In Palm Beach County alone, between January and November of last year, 669 drug overdose deaths were recorded, 525 of which were caused by use of opiate drugs. Even without the overdose count for December, this is already double the number of drug overdose deaths noted in the county in 2015 at 331 total.
Stories pour in everyday that demonstrate that use of heroin is no longer something relegated to dark alleys. Upper-middle-class kids in gated communities, middle-class people in the suburbs, and lower-income families alike are struggling under the weight of heroin addiction.
For many, the problem started with painkiller use and abuse – taking pills as prescribed for a long period of time, using leftover pills without a prescription, or otherwise abusing medications that are so commonly stored in bathroom cabinets to get high or manage stress. When it became harder to get these pills, many found it easier to buy heroin to stave off withdrawal symptoms, and since the drug is so potent, many do not even inject the drug to get high, choosing instead to smoke it.

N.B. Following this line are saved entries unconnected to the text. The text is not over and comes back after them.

Lemma nearest_cauchy x d (ms : nat -> V) : X x -> 0 <= d ->
  (forall m, M m -> d <= ipnorm ip (x - m)) -> (forall n, M (ms n)) ->
  (forall n, ipnorm ip (x - ms n) < d + n.+1%:R^-1) -> cauchy_seq ip ms.
Proof.
move=> Xx d0 d_le Mms ms_lt e e0.
have Xms n : X (ms n) := MX (Mms n).
have c0 : 0 < 4 * (2 * d + 1) by lra.
have [N] := ltr_add_invr (divr_gt0 (exprn_gt0 2 e0) c0).
rewrite add0r ltr_pdivlMr // => epsN.
have eN1 : N.+1%:R^-1 <= 1 :> R by rewrite invf_le1 ?ltr0Sn // ler1n.
have eN0 : 0 < N.+1%:R^-1 :> R by rewrite invr_gt0 ltr0Sn.
have sq_lt j : (N <= j)%N -> sqnorm ip (x - ms j) < (d + N.+1%:R^-1) ^+ 2.
  move=> Nj; rewrite -(ipnorm_sqr hX) //.
  have lt : ipnorm ip (x - ms j) < d + N.+1%:R^-1.
    by apply: lt_le_trans (ms_lt j) _; rewrite lerD2l invS_le.
  by rewrite ltrXn2r ?ipnorm_ge0.
exists N => n k Nn Nk.
pose mid := (2^-1 : R[i]) *: (ms n + ms k).
have Mmid : M mid by rewrite /mid.
have mid_ge : d ^+ 2 <= sqnorm ip (x - mid).
  rewrite -(ipnorm_sqr hX) //; have := d_le mid Mmid; nra.
have mid2 : mid + mid = ms k + ms n.
  by rewrite -scalerDl -div1r -splitr scale1r addrC.
(* By the parallelogram law, |ms n - ms k|^2 < 4 (d + eps)^2 - 4 d^2 <= 4 eps (2 d + 1). *)
have para : 4 * sqnorm ip (x - mid) + sqnorm ip (ms n - ms k) =
            2 * sqnorm ip (x - ms k) + 2 * sqnorm ip (x - ms n).
  rewrite -(parallelogram hX) //.
  have -> : x - ms k + (x - ms n) = (x - mid) + (x - mid).
    by rewrite addrACA [RHS]addrACA -!opprD mid2.
  have -> : x - ms k - (x - ms n) = ms n - ms k by rewrite opprB addrC addrA subrK.
  rewrite (sqnormD hX (x := x - mid) (y := x - mid)) // {2}/sqnorm; lra.
have : sqnorm ip (ms n - ms k) < e ^+ 2.
  have := sq_lt n Nn; have := sq_lt k Nk.
  set eps := N.+1%:R^-1 in epsN eN0 eN1 *; nra.
rewrite -(ipnorm_sqr hX) //; have := ipnorm_ge0 ip (ms n - ms k); nra.
Qed.

Lemma nearest_exists x : X x ->
  exists2 p, M p & forall m, M m -> ipnorm ip (x - p) <= ipnorm ip (x - m).
Proof.
move=> Xx; pose E := [set ipnorm ip (x - m) | m in M].
have E_lb : lbound E 0 by move=> _ [m _ <-]; exact: ipnorm_ge0.
have E_inf : has_inf E by split; [exists (ipnorm ip (x - 0)), 0 | exists 0].
have d_le m : M m -> inf E <= ipnorm ip (x - m).
  by move=> Mm; apply: (@ge_inf _ E); [exists 0 | exists m].
have d0 : 0 <= inf E by apply: lb_le_inf => //; case: E_inf.
have adh n : exists m, M m /\ ipnorm ip (x - m) < inf E + n.+1%:R^-1.
  have eps0 : 0 < n.+1%:R^-1 :> R by rewrite invr_gt0 ltr0Sn.
  have [_ [m Mm <-] lt] := inf_adherent eps0 E_inf.
  by exists m.
have [ms ms_near] := boolp.choice adh.
have Mms n : M (ms n) by case: (ms_near n).
have [p Xp ms_p] := cX (fun n => MX (Mms n))
  (nearest_cauchy Xx d0 d_le Mms (fun n => proj2 (ms_near n))).
exists p => [|m Mm]; first exact: cM Mms Xp ms_p.
apply: le_trans (d_le m Mm); apply/ler_addgt0Pr => e e0.
have e20 : 0 < e / 2 by rewrite divr_gt0.
have [N ms_pN] := ms_p (e / 2) e20.
have [K] := ltr_add_invr e20; rewrite add0r => epsK.
have [_ ms_xNK] := ms_near (N + K)%N.
have := invS_le R (leq_addl N K); have := ms_pN (N + K)%N (leq_addr K N).
have : ipnorm ip (x - p) <= ipnorm ip (x - ms (N + K)%N) + ipnorm ip (ms (N + K)%N - p).
  have := ipnormD_le hX (x := x - ms (N + K)%N) (y := ms (N + K)%N - p).
  by rewrite addrA subrK; apply.
set eK := K.+1%:R^-1 in epsK *; set eNK := (N + K).+1%:R^-1 in ms_xNK *; lra.
Qed.

Lemma orth_proj_exists x : X x -> exists p, is_orth_proj ip M x p.
Proof.
move=> Xx; have [p Mp near] := nearest_exists Xx.
by exists p; split=> //; apply: orth_of_nearest.
Qed.

Lemma orth_orth_compl_sub (dX : definite_on ip X) q : X q ->
  (forall s, orth_compl ip X M s -> ip q s = 0) -> M q.
Proof.
move=> Xq orth_q; have [p [Mp orth_p]] := orth_proj_exists Xq.
have qp0 : ip q (q - p) = 0 by apply: orth_q; split.
have pp0 : ip p (q - p) = 0 by apply: (ip_eq0_sym hX) => //; apply: orth_p.
suff /eqP : q - p = 0 by rewrite subr_eq0 => /eqP ->.
by apply: dX => //; rewrite (ipBl hX) // qp0 pp0 subrr.
Qed.

Lemma orth_proj_ip v p s : X v -> is_orth_proj ip M v p -> M s -> ip s p = ip s v.
Proof.
move=> Xv [Mp orth] Ms; apply/eqP; rewrite eq_sym -subr_eq0 -(ipBr hX) //.
by apply/eqP/(ip_eq0_sym hX) => //; apply: orth.
Qed.

End Projection.

(** * Product and graph spaces *)

Section SqnormConvergence.
Variables (R : realType) (V : lmodType R[i]) (ip : V -> V -> R[i]).

Lemma ipnorm_lt x e : 0 < e -> (ipnorm ip x < e) = (sqnorm ip x < e ^+ 2).
Proof.
move=> e0; rewrite -[e in LHS]gtr0_norm // -sqrtr_sqr.
have [x0|x_neg] := lerP 0 (sqnorm ip x); first by rewrite ltr_sqrt ?exprn_gt0.
rewrite /ipnorm ltr0_sqrtr // sqrtr_gt0 exprn_gt0 //.
by rewrite (lt_le_trans x_neg) ?sqr_ge0.
Qed.

Lemma cvg_to_sqnorm u x : cvg_to ip u x <->
  forall e, 0 < e -> exists N, forall n, (N <= n)%N -> sqnorm ip (u n - x) < e.
Proof.
split=> ux e e0.
  have se0 : 0 < Num.sqrt e by rewrite sqrtr_gt0.
  have [N uN] := ux _ se0.
  by exists N => n Nn; rewrite -[e]sqr_sqrtr ?ltW // -ipnorm_lt ?sqrtr_gt0 ?uN.
have [N uN] := ux _ (exprn_gt0 2 e0).
by exists N => n Nn; rewrite ipnorm_lt ?uN.
Qed.

Lemma cauchy_seq_sqnorm u : cauchy_seq ip u <->
  forall e, 0 < e -> exists N, forall n m, (N <= n)%N -> (N <= m)%N -> sqnorm ip (u n - u m) < e.
Proof.
split=> cu e e0.
  have se0 : 0 < Num.sqrt e by rewrite sqrtr_gt0.
  have [N uN] := cu _ se0.
  by exists N => n m Nn Nm; rewrite -[e]sqr_sqrtr ?ltW // -ipnorm_lt ?sqrtr_gt0 ?uN.
have [N uN] := cu _ (exprn_gt0 2 e0).
by exists N => n m Nn Nm; rewrite ipnorm_lt ?uN.
Qed.

End SqnormConvergence.

Definition prod_ip (R : realType) (V W : lmodType R[i]) (ipV : V -> V -> R[i])
    (ipW : W -> W -> R[i]) (p q : V * W) : R[i] :=
  ipV p.1 q.1 + ipW p.2 q.2.

Section ProductSpace.
Variables (R : realType) (V W : lmodType R[i]) (ipV : V -> V -> R[i]) (ipW : W -> W -> R[i]).
Hypotheses (hV : semi_inner_on ipV setT) (hW : semi_inner_on ipW setT).
Local Notation ipP := (prod_ip ipV ipW).

Lemma sqnorm_prod p : sqnorm ipP p = sqnorm ipV p.1 + sqnorm ipW p.2.
Proof. exact: Re_add. Qed.

Lemma prod_semi_inner : semi_inner_on ipP setT.
Proof.
split=> //.
- by move=> a x y z _ _ _; rewrite /prod_ip /= (ipDl hV) // (ipZl hV) // (ipDl hW) // (ipZl hW) //; ring.
- by move=> x y _ _; rewrite /prod_ip (ip_conj hV) // (ip_conj hW) // rmorphD.
- by move=> x _; rewrite -/(sqnorm _ x) sqnorm_prod addr_ge0 ?(sqnorm_ge0 hV) ?(sqnorm_ge0 hW).
Qed.

Lemma cvg_prodP u x : cvg_to ipP u x <->
  cvg_to ipV (fun n => (u n).1) x.1 /\ cvg_to ipW (fun n => (u n).2) x.2.
Proof.
rewrite !cvg_to_sqnorm; split=> [ux|[u1 u2] e e0].
  split=> e e0; have [N uN] := ux e e0; exists N => n Nn; have := uN n Nn;
  rewrite sqnorm_prod; have := sqnorm_ge0 hV (x := (u n - x).1) I;
  have := sqnorm_ge0 hW (x := (u n - x).2) I; rewrite /=; lra.
have e20 : 0 < e / 2 by rewrite divr_gt0.
have [N1 uN1] := u1 _ e20; have [N2 uN2] := u2 _ e20.
exists (N1 + N2)%N => n Nn; rewrite sqnorm_prod.
have := uN1 n (leq_trans (leq_addr N2 N1) Nn); have := uN2 n (leq_trans (leq_addl N1 N2) Nn).
rewrite /=; lra.
Qed.

Lemma prod_complete : complete_on ipV setT -> complete_on ipW setT -> complete_on ipP setT.
Proof.
move=> cV cW u _ /cauchy_seq_sqnorm cu.
have c1 : cauchy_seq ipV (fun n => (u n).1).
  apply/cauchy_seq_sqnorm => e e0; have [N uN] := cu e e0; exists N => n m Nn Nm.
  have := uN n m Nn Nm; rewrite sqnorm_prod /=.
  have := sqnorm_ge0 hW (x := (u n).2 - (u m).2) I; lra.
have c2 : cauchy_seq ipW (fun n => (u n).2).
  apply/cauchy_seq_sqnorm => e e0; have [N uN] := cu e e0; exists N => n m Nn Nm.
  have := uN n m Nn Nm; rewrite sqnorm_prod /=.
  have := sqnorm_ge0 hV (x := (u n).1 - (u m).1) I; lra.
have [x _ ux] := cV _ (fun _ => I) c1; have [y _ uy] := cW _ (fun _ => I) c2.
by exists (x, y) => //; apply/cvg_prodP.
Qed.

End ProductSpace.

Section LinearOp.
Variables (R : realType) (V W : lmodType R[i]) (dom : set V) (A : V -> W).
Hypothesis linA : linear_op dom A.

Lemma linear_opL a x y : dom x -> dom y -> A (a *: x + y) = a *: A x + A y.
Proof. by case: linA => _ domL Dx Dy; case: (domL a x y Dx Dy). Qed.
Lemma linear_op0 : A 0 = 0.
Proof.
have := linear_opL 1 (subspace0 (linear_op_subspace linA)) (subspace0 (linear_op_subspace linA)).
by rewrite !scale1r addr0 => h; apply: (addrI (A 0)); rewrite addr0 -h.
Qed.
Lemma linear_opZ a x : dom x -> A (a *: x) = a *: A x.
Proof. by move=> Dx; rewrite -[_ *: x]addr0 linear_opL // linear_op0 addr0. Qed.
Lemma linear_opD x y : dom x -> dom y -> A (x + y) = A x + A y.
Proof. by move=> Dx Dy; rewrite -{1}[x]scale1r linear_opL // scale1r. Qed.
Lemma linear_opB x y : dom x -> dom y -> A (x - y) = A x - A y.
Proof. by move=> Dx Dy; rewrite linear_opD // -scaleN1r linear_opZ // scaleN1r. Qed.

End LinearOp.

Section GraphSpace.
Variables (R : realType) (V W : lmodType R[i]) (ipV : V -> V -> R[i]) (ipW : W -> W -> R[i]).
Hypotheses (hV : semi_inner_on ipV setT) (hW : semi_inner_on ipW setT).
Variables (dom : set V) (A : V -> W).
Hypothesis linA : linear_op dom A.
Local Notation ipA := (graph_ip ipV ipW A).
Local Notation ipP := (prod_ip ipV ipW).

Lemma graph_semi_inner : semi_inner_on ipA dom.
Proof.
split=> [||x y _ _|x _]; first exact: linear_op_subspace linA.
- move=> a x y z Dx Dy Dz; rewrite /graph_ip (linear_opL linA) //.
  by rewrite (ipDl hV) // (ipZl hV) // (ipDl hW) // (ipZl hW) //; ring.
- by rewrite /graph_ip (ip_conj hV) // (ip_conj hW) // rmorphD.
- exact: (sqnorm_ge0 (prod_semi_inner hV hW) (x := (x, A x))).
Qed.

Lemma graph_definite : definite_on ipV setT -> definite_on ipA dom.
Proof.
move=> dV x _; rewrite -/(sqnorm _ x) => /= sq0; apply: dV => //.
have := sqnorm_ge0 hV (x := x) I; have := sqnorm_ge0 hW (x := A x) I.
by move: sq0; rewrite /sqnorm /graph_ip Re_add; lra.
Qed.

Lemma sqnorm_graph x y : dom x -> dom y ->
  sqnorm ipA (x - y) = sqnorm ipP ((x, A x) - (y, A y)).
Proof. by move=> Dx Dy; rewrite /sqnorm /graph_ip /prod_ip /= (linear_opB linA). Qed.

Lemma cvg_graphP u x : (forall n, dom (u n)) -> dom x ->
  cvg_to ipA u x <-> cvg_to ipP (fun n => (u n, A (u n))) (x, A x).
Proof.
move=> Du Dx; rewrite !cvg_to_sqnorm.
split=> ux e e0; have [N uN] := ux e e0; exists N => n Nn.
  by rewrite -sqnorm_graph // uN.
by rewrite sqnorm_graph // uN.
Qed.

Hypothesis clA : closed_op ipV ipW dom A.

Lemma graph_complete : complete_on ipV setT -> complete_on ipW setT -> complete_on ipA dom.
Proof.
move=> cV cW u Du /cauchy_seq_sqnorm cu.
have cuP : cauchy_seq ipP (fun n => (u n, A (u n))).
  apply/cauchy_seq_sqnorm => e e0; have [N uN] := cu e e0.
  by exists N => n m Nn Nm; rewrite -sqnorm_graph // uN.
have [[x y] _ /(cvg_prodP hV hW) [ux uy]] := prod_complete hV hW cV cW (fun _ => I) cuP.
have [Dx Axy] := clA Du ux uy.
exists x => //; apply/(cvg_graphP Du Dx); rewrite Axy.
by apply/(cvg_prodP hV hW).
Qed.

No matter how it is ingested, however, any use of heroin alone or in combination with other substances can be deadly.
Naloxone, a medication that can reverse the effects of an opiate overdose if it is administered in time, is being used more both across southern Florida and throughout the entire state. Already a staple in the kits of emergency medical providers, it is now being used by many police departments, fire departments, and other professionals, and Medicaid has put naloxone on its preferred drug list. Families can also access the drug without a prescription in order to have it on hand in the event that the worst happens.
However, naloxone is not a panacea for opiate addiction. If no one is there to catch the overdose in time and administer the drug, it can’t work. Treatment that facilitates immediate and sustained abstinence is the only way to proactively fend off overdose, and even then, ongoing connection with treatment services and support is critical.
Waiting is not an option. If a family member or someone you care about is struggling with opiate addiction, stage an intervention and get them into treatment immediately. The sooner they begin the detox process, the sooner healing can begin.